Go through the entries and copy every one exactly.

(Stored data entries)
Start of Block

(* Let $p/q\in\mathcal S$. There exists a lattice $\Lambda_{p,q}\in C(p,q)$ such that: (1) $|\Lambda_{p,q}|=\min\{|\Lambda|:\Lambda\in C(p,q)\}=\sqrt q$; (2) $\det(\Lambda_{p,q})=\min\{\det(\Lambda):\Lambda\in C(p,q)\}=p$; (3) the norm form of $\Lambda_{p,q}$ with respect to a minimal basis (a basis consisting of two minimal vectors) is $Q_{p,q}(x,y)=qx^2+2xy\sqrt{q^2-p^2}+qy^2$; (4) for every $\Lambda\in C(p,q)$ there is $U\in O_2(\mathbb R)$ with $\Lambda=\sqrt{\det(\Lambda)/p}\,U\Lambda_{p,q}$, so that $\frac{\det(\Lambda)}{p}Q_{p,q}(x,y)$ is the norm form of $\Lambda$ with respect to a minimal basis; (5) for every $\Lambda\in C(p,q)$ and $\Re(s)>1$, $E_\Lambda(s)=\left(\frac{p}{\det\Lambda}\right)^s\sum'_{(x,y)\in\mathbb Z^2}Q_{p,q}(x,y)^{-s}$, and hence for each real $s>1$, $\Lambda_{p,q}$ maximizes $E_\Lambda(s)$ over $\Lambda\in C(p,q)$. Such a lattice $\Lambda_{p,q}$ is unique up to rotation by an orthogonal matrix with rational entries.
   Context: All lattices are full-rank lattices in $\mathbb R^2$. For a lattice $\Lambda$, $|\Lambda|=\min_{x\in\Lambda\setminus\{0\}}\|x\|$ (Euclidean norm) and $S(\Lambda)=\{x\in\Lambda:\|x\|=|\Lambda|\}$; $\Lambda$ is well-rounded (WR) if $S(\Lambda)$ spans $\mathbb R^2$. $\mathrm{WR}(\mathbb Z^2)$ is the set of full-rank WR sublattices of $\mathbb Z^2$. For a WR lattice $\Lambda$, $\theta(\Lambda)\in[\pi/3,\pi/2]$ is the angle between two linearly independent minimal vectors chosen so that the angle is at most $\pi/2$; equivalently $\sin\theta(\Lambda)=\det(\Lambda)/|\Lambda|^2$. For $q\in\mathbb Z_{>0}$ let $\mathcal S_q=\{p/q\in\mathbb Q\cap(\sqrt3/2,1):\gcd(p,q)=1,\ \sqrt{q^2-p^2}\in\mathbb Z\}$ and $\mathcal S=\bigcup_{q}\mathcal S_q\cup\{1\}$, where $1$ is written as $p/q$ with $p=q=1$; elements of $\mathcal S$ are written in lowest terms. For $p/q\in\mathcal S$, $C(p,q)=\{\Lambda\in\mathrm{WR}(\mathbb Z^2):\sin\theta(\Lambda)=p/q\}$. The Epstein zeta function of a lattice $\Lambda$ is $E_\Lambda(s)=\sum'_{x\in\Lambda}\|x\|^{-2s}$, where $\sum'$ denotes summation over $(\Lambda\setminus\{0\})/\{\pm1\}$ (similarly $\sum'_{(x,y)\in\mathbb Z^2}$ sums over $(\mathbb Z^2\setminus\{0\})/\{\pm1\}$). *)

From Stdlib Require Import Reals Lra Lia ZArith Arith List QArith Qreals ClassicalEpsilon.
Open Scope R_scope.

Definition vec : Type := (R * R)%type.
Definition v0 : vec := (0, 0).
Definition vadd (u v : vec) : vec := (fst u + fst v, snd u + snd v).
Definition vscale (c : R) (v : vec) : vec := (c * fst v, c * snd v).
Definition norm2 (v : vec) : R := fst v ^ 2 + snd v ^ 2.
Definition norm (v : vec) : R := sqrt (norm2 v).
Definition det2 (u v : vec) : R := fst u * snd v - snd u * fst v.

Record mat2 : Type := Mat2 { m11 : R; m12 : R; m21 : R; m22 : R }.
Definition mapply (U : mat2) (v : vec) : vec :=
  (m11 U * fst v + m12 U * snd v, m21 U * fst v + m22 U * snd v).
Definition orthogonal (U : mat2) : Prop :=
  m11 U ^ 2 + m21 U ^ 2 = 1 /\ m12 U ^ 2 + m22 U ^ 2 = 1 /\
  m11 U * m12 U + m21 U * m22 U = 0.
Definition rational_mat (U : mat2) : Prop :=
  exists a b c d : Q, m11 U = Q2R a /\ m12 U = Q2R b /\ m21 U = Q2R c /\ m22 U = Q2R d.

Definition is_basis (L : vec -> Prop) (b1 b2 : vec) : Prop :=
  det2 b1 b2 <> 0 /\
  forall v, L v <-> exists m n : Z, v = vadd (vscale (IZR m) b1) (vscale (IZR n) b2).
Definition is_lattice (L : vec -> Prop) : Prop := exists b1 b2, is_basis L b1 b2.

(** det(L) = |det(b1,b2)| for a basis (independent of the basis) *)
Definition lat_det (L : vec -> Prop) : R :=
  epsilon (inhabits 0) (fun d => exists b1 b2, is_basis L b1 b2 /\ d = Rabs (det2 b1 b2)).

End of Block

EXERCISE SOLUTION:
(* Let $p/q\in\mathcal S$. There exists a lattice $\Lambda_{p,q}\in C(p,q)$ such that: (1) $|\Lambda_{p,q}|=\min\{|\Lambda|:\Lambda\in C(p,q)\}=\sqrt q$; (2) $\det(\Lambda_{p,q})=\min\{\det(\Lambda):\Lambda\in C(p,q)\}=p$; (3) the norm form of $\Lambda_{p,q}$ with respect to a minimal basis (a basis consisting of two minimal vectors) is $Q_{p,q}(x,y)=qx^2+2xy\sqrt{q^2-p^2}+qy^2$; (4) for every $\Lambda\in C(p,q)$ there is $U\in O_2(\mathbb R)$ with $\Lambda=\sqrt{\det(\Lambda)/p}\,U\Lambda_{p,q}$, so that $\frac{\det(\Lambda)}{p}Q_{p,q}(x,y)$ is the norm form of $\Lambda$ with respect to a minimal basis; (5) for every $\Lambda\in C(p,q)$ and $\Re(s)>1$, $E_\Lambda(s)=\left(\frac{p}{\det\Lambda}\right)^s\sum'_{(x,y)\in\mathbb Z^2}Q_{p,q}(x,y)^{-s}$, and hence for each real $s>1$, $\Lambda_{p,q}$ maximizes $E_\Lambda(s)$ over $\Lambda\in C(p,q)$. Such a lattice $\Lambda_{p,q}$ is unique up to rotation by an orthogonal matrix with rational entries.
   Context: All lattices are full-rank lattices in $\mathbb R^2$. For a lattice $\Lambda$, $|\Lambda|=\min_{x\in\Lambda\setminus\{0\}}\|x\|$ (Euclidean norm) and $S(\Lambda)=\{x\in\Lambda:\|x\|=|\Lambda|\}$; $\Lambda$ is well-rounded (WR) if $S(\Lambda)$ spans $\mathbb R^2$. $\mathrm{WR}(\mathbb Z^2)$ is the set of full-rank WR sublattices of $\mathbb Z^2$. For a WR lattice $\Lambda$, $\theta(\Lambda)\in[\pi/3,\pi/2]$ is the angle between two linearly independent minimal vectors chosen so that the angle is at most $\pi/2$; equivalently $\sin\theta(\Lambda)=\det(\Lambda)/|\Lambda|^2$. For $q\in\mathbb Z_{>0}$ let $\mathcal S_q=\{p/q\in\mathbb Q\cap(\sqrt3/2,1):\gcd(p,q)=1,\ \sqrt{q^2-p^2}\in\mathbb Z\}$ and $\mathcal S=\bigcup_{q}\mathcal S_q\cup\{1\}$, where $1$ is written as $p/q$ with $p=q=1$; elements of $\mathcal S$ are written in lowest terms. For $p/q\in\mathcal S$, $C(p,q)=\{\Lambda\in\mathrm{WR}(\mathbb Z^2):\sin\theta(\Lambda)=p/q\}$. The Epstein zeta function of a lattice $\Lambda$ is $E_\Lambda(s)=\sum'_{x\in\Lambda}\|x\|^{-2s}$, where $\sum'$ denotes summation over $(\Lambda\setminus\{0\})/\{\pm1\}$ (similarly $\sum'_{(x,y)\in\mathbb Z^2}$ sums over $(\mathbb Z^2\setminus\{0\})/\{\pm1\}$). *)

From Stdlib Require Import Reals Lra Lia ZArith Arith List QArith Qreals ClassicalEpsilon.
Open Scope R_scope.

Definition vec : Type := (R * R)%type.
Definition v0 : vec := (0, 0).
Definition vadd (u v : vec) : vec := (fst u + fst v, snd u + snd v).
Definition vscale (c : R) (v : vec) : vec := (c * fst v, c * snd v).
Definition norm2 (v : vec) : R := fst v ^ 2 + snd v ^ 2.
Definition norm (v : vec) : R := sqrt (norm2 v).
Definition det2 (u v : vec) : R := fst u * snd v - snd u * fst v.

Record mat2 : Type := Mat2 { m11 : R; m12 : R; m21 : R; m22 : R }.
Definition mapply (U : mat2) (v : vec) : vec :=
  (m11 U * fst v + m12 U * snd v, m21 U * fst v + m22 U * snd v).
Definition orthogonal (U : mat2) : Prop :=
  m11 U ^ 2 + m21 U ^ 2 = 1 /\ m12 U ^ 2 + m22 U ^ 2 = 1 /\
  m11 U * m12 U + m21 U * m22 U = 0.
Definition rational_mat (U : mat2) : Prop :=
  exists a b c d : Q, m11 U = Q2R a /\ m12 U = Q2R b /\ m21 U = Q2R c /\ m22 U = Q2R d.

Definition is_basis (L : vec -> Prop) (b1 b2 : vec) : Prop :=
  det2 b1 b2 <> 0 /\
  forall v, L v <-> exists m n : Z, v = vadd (vscale (IZR m) b1) (vscale (IZR n) b2).
Definition is_lattice (L : vec -> Prop) : Prop := exists b1 b2, is_basis L b1 b2.

(** det(L) = |det(b1,b2)| for a basis (independent of the basis) *)
Definition lat_det (L : vec -> Prop) : R :=
  epsilon (inhabits 0) (fun d => exists b1 b2, is_basis L b1 b2 /\ d = Rabs (det2 b1 b2)).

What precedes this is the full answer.